Collected data entries:
=======
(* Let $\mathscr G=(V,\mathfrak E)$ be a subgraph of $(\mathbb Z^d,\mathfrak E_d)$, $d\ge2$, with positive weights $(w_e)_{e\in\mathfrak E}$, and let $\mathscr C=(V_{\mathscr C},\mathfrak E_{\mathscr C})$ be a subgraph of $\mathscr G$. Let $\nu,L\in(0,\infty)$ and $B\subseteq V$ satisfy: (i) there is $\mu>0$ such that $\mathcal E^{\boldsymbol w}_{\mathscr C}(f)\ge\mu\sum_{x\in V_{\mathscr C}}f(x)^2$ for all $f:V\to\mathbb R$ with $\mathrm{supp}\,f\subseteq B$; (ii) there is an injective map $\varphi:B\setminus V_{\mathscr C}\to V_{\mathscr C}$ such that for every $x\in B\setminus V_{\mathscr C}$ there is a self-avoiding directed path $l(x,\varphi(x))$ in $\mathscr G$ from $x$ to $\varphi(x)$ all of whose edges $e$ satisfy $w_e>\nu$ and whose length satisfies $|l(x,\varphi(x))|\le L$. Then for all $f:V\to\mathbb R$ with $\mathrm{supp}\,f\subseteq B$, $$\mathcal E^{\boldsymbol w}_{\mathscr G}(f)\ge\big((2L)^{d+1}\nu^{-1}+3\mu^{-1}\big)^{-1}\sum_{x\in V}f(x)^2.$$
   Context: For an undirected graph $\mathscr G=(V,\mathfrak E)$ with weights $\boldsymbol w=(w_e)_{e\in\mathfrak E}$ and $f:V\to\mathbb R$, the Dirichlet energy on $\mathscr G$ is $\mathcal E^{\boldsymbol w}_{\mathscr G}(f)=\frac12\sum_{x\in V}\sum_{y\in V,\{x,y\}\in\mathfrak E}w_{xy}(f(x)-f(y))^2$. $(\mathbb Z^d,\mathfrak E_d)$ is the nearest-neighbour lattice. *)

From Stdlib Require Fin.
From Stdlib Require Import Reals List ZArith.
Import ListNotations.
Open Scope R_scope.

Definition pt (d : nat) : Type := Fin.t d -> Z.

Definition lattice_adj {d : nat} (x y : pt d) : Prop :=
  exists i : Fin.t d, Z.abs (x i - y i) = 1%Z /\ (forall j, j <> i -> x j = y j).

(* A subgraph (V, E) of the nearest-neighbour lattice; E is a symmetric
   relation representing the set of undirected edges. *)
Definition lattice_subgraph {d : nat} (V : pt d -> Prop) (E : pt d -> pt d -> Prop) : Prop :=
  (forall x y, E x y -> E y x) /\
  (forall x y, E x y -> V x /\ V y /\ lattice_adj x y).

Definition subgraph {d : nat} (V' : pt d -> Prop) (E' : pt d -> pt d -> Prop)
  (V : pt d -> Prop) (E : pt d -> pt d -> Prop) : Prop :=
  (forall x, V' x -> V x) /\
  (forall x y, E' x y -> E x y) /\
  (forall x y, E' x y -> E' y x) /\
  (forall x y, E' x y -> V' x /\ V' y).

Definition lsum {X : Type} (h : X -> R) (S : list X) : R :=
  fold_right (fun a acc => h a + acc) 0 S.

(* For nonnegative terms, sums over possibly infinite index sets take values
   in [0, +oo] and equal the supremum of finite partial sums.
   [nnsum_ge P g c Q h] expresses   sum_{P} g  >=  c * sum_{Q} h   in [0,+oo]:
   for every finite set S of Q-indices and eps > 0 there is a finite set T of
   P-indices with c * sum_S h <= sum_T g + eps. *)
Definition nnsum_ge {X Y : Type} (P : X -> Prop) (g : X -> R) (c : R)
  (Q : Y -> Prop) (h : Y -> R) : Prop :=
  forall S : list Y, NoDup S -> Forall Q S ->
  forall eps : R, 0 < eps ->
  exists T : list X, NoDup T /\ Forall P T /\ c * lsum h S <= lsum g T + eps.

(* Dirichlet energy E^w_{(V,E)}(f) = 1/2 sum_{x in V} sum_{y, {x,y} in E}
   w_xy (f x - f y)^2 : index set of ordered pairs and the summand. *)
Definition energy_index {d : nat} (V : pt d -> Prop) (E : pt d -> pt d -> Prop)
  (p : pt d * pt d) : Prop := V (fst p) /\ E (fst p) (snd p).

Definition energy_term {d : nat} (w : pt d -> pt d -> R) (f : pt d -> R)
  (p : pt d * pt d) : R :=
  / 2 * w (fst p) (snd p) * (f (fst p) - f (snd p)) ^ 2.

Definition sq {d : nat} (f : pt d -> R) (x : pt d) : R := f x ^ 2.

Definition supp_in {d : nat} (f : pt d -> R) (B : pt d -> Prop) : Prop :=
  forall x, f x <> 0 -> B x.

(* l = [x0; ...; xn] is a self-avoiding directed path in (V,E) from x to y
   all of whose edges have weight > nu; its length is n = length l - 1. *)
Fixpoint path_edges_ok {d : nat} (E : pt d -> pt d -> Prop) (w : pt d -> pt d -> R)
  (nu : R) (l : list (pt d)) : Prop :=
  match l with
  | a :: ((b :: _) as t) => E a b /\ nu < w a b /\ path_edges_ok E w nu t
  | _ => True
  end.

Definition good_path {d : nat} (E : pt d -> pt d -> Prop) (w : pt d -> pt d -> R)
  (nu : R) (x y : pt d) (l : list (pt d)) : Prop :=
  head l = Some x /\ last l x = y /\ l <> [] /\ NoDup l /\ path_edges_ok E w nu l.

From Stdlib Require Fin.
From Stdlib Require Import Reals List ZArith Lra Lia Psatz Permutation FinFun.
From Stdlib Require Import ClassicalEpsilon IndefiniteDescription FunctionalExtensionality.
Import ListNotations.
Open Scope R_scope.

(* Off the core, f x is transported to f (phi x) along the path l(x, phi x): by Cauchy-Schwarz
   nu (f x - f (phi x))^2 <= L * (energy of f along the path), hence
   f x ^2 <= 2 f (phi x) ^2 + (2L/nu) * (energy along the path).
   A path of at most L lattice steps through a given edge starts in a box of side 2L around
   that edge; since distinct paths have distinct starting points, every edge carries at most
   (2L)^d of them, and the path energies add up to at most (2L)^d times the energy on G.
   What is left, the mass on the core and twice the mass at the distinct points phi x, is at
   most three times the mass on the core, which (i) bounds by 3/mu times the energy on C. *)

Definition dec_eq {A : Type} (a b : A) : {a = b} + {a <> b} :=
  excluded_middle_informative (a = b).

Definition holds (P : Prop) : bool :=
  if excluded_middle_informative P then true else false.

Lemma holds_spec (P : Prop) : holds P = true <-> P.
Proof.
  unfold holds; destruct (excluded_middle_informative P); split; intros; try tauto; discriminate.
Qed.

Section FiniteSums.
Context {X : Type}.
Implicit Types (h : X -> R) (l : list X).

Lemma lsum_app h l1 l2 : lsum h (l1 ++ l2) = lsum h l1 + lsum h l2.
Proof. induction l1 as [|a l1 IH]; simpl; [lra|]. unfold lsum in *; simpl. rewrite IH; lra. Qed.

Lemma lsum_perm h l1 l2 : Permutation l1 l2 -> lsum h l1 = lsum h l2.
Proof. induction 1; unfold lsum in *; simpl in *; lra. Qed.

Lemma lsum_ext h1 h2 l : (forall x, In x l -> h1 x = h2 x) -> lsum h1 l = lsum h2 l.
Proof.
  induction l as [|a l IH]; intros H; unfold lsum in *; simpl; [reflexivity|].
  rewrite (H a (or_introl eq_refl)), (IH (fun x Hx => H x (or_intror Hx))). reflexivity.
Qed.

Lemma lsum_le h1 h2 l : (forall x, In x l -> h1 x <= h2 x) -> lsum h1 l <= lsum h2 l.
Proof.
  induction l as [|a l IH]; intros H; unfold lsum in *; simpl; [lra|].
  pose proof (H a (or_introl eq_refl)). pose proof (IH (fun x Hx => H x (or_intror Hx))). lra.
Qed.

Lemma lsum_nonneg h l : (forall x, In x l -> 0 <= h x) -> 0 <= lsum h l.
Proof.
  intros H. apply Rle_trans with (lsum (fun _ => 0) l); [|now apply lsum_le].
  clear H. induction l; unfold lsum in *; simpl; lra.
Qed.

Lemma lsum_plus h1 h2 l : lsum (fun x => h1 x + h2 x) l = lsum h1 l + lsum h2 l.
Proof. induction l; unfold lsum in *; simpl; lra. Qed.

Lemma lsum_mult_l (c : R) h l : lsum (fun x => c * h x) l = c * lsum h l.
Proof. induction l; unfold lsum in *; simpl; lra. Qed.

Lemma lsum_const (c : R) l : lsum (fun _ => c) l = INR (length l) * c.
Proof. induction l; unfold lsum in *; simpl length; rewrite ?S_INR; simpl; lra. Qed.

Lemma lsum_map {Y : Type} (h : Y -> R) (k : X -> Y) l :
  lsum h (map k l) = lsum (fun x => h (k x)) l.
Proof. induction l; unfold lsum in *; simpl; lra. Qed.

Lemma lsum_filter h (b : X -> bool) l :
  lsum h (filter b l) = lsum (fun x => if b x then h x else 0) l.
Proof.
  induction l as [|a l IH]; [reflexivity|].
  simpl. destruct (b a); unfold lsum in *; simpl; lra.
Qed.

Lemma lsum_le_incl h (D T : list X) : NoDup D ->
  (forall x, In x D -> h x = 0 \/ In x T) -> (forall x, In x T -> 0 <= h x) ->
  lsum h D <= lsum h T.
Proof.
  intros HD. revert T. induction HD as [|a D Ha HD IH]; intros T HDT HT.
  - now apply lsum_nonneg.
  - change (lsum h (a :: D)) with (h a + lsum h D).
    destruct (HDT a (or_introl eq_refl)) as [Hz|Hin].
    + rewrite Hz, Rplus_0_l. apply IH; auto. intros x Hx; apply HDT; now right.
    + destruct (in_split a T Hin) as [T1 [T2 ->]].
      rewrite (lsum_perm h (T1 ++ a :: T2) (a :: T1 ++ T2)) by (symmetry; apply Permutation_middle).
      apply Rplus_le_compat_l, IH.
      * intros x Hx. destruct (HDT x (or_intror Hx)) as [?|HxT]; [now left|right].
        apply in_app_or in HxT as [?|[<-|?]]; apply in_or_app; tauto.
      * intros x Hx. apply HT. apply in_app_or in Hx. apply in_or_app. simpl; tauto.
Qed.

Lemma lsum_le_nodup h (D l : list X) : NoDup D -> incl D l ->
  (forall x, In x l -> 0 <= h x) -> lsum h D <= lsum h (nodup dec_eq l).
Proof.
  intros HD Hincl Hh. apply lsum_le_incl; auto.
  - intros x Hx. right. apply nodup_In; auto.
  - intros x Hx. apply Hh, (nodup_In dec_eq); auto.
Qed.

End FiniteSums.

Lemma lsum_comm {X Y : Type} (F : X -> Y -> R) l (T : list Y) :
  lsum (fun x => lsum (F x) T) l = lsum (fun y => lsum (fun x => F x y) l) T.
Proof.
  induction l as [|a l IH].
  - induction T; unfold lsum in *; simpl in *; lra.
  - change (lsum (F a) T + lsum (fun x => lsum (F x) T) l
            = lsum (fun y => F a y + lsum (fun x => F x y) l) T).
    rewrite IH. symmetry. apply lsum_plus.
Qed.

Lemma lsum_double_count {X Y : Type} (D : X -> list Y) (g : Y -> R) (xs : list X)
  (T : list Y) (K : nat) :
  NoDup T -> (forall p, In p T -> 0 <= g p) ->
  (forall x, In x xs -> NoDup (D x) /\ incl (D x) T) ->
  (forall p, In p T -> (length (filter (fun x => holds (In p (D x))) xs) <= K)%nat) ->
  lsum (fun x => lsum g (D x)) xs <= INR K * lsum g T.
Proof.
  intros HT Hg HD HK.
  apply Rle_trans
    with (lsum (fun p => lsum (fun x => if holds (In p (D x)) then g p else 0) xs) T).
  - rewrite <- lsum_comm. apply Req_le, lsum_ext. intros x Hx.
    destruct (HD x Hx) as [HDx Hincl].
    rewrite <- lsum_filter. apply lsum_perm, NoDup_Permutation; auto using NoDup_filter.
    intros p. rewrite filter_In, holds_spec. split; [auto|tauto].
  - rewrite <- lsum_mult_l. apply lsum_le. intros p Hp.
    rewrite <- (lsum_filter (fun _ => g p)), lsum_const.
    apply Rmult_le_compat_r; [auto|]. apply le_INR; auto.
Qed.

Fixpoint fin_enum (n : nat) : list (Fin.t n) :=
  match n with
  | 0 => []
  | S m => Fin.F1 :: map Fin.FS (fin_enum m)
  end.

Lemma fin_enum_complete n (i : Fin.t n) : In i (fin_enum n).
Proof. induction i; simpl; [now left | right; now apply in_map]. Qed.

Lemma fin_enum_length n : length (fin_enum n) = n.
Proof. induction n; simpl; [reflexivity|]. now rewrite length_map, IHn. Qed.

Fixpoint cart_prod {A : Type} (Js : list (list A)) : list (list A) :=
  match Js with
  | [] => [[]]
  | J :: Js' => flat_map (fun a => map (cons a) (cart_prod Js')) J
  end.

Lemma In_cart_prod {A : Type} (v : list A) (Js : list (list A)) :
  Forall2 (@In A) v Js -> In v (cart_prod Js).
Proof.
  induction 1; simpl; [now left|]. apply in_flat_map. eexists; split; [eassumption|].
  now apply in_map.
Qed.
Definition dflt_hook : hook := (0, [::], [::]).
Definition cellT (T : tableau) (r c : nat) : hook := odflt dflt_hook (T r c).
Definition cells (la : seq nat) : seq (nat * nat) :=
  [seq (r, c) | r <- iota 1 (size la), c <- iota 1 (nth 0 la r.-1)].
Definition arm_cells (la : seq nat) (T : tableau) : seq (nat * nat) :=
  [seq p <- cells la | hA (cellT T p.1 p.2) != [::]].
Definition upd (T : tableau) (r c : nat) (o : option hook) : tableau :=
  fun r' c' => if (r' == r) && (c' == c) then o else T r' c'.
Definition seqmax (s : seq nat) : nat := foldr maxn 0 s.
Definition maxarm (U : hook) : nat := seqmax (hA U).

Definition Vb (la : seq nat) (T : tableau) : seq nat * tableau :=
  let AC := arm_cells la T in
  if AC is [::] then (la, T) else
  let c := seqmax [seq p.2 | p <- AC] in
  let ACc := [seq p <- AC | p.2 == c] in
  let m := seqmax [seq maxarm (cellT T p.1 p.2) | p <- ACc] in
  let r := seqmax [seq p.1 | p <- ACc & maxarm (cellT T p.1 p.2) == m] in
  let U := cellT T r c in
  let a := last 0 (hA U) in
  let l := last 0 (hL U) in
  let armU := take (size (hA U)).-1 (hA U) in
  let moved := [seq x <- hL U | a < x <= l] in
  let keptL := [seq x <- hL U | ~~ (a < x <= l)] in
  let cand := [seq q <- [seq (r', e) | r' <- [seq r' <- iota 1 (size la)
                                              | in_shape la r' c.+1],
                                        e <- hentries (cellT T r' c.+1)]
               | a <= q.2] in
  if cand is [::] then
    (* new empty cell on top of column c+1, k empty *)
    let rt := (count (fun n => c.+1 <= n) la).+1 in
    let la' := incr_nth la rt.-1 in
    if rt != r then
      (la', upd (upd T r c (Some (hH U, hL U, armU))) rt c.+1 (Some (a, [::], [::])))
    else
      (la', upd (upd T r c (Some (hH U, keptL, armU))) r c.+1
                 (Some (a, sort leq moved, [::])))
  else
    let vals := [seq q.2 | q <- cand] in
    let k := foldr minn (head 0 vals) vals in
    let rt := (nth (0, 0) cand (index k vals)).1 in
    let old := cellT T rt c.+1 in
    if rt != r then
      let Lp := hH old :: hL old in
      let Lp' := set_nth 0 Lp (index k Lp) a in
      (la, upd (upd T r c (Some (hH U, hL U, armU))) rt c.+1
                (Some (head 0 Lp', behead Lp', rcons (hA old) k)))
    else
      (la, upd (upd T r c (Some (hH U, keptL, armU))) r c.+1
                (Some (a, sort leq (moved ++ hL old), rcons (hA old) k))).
=======
Work order: What are the lines, exactly as written above, from the line with "let a := last 0 (hA U) in" to the line with "in_shape la r'", both included? Output only those.

Answer to the exercise:
  let a := last 0 (hA U) in
  let l := last 0 (hL U) in
  let armU := take (size (hA U)).-1 (hA U) in
  let moved := [seq x <- hL U | a < x <= l] in
  let keptL := [seq x <- hL U | ~~ (a < x <= l)] in
  let cand := [seq q <- [seq (r', e) | r' <- [seq r' <- iota 1 (size la)
                                              | in_shape la r' c.+1],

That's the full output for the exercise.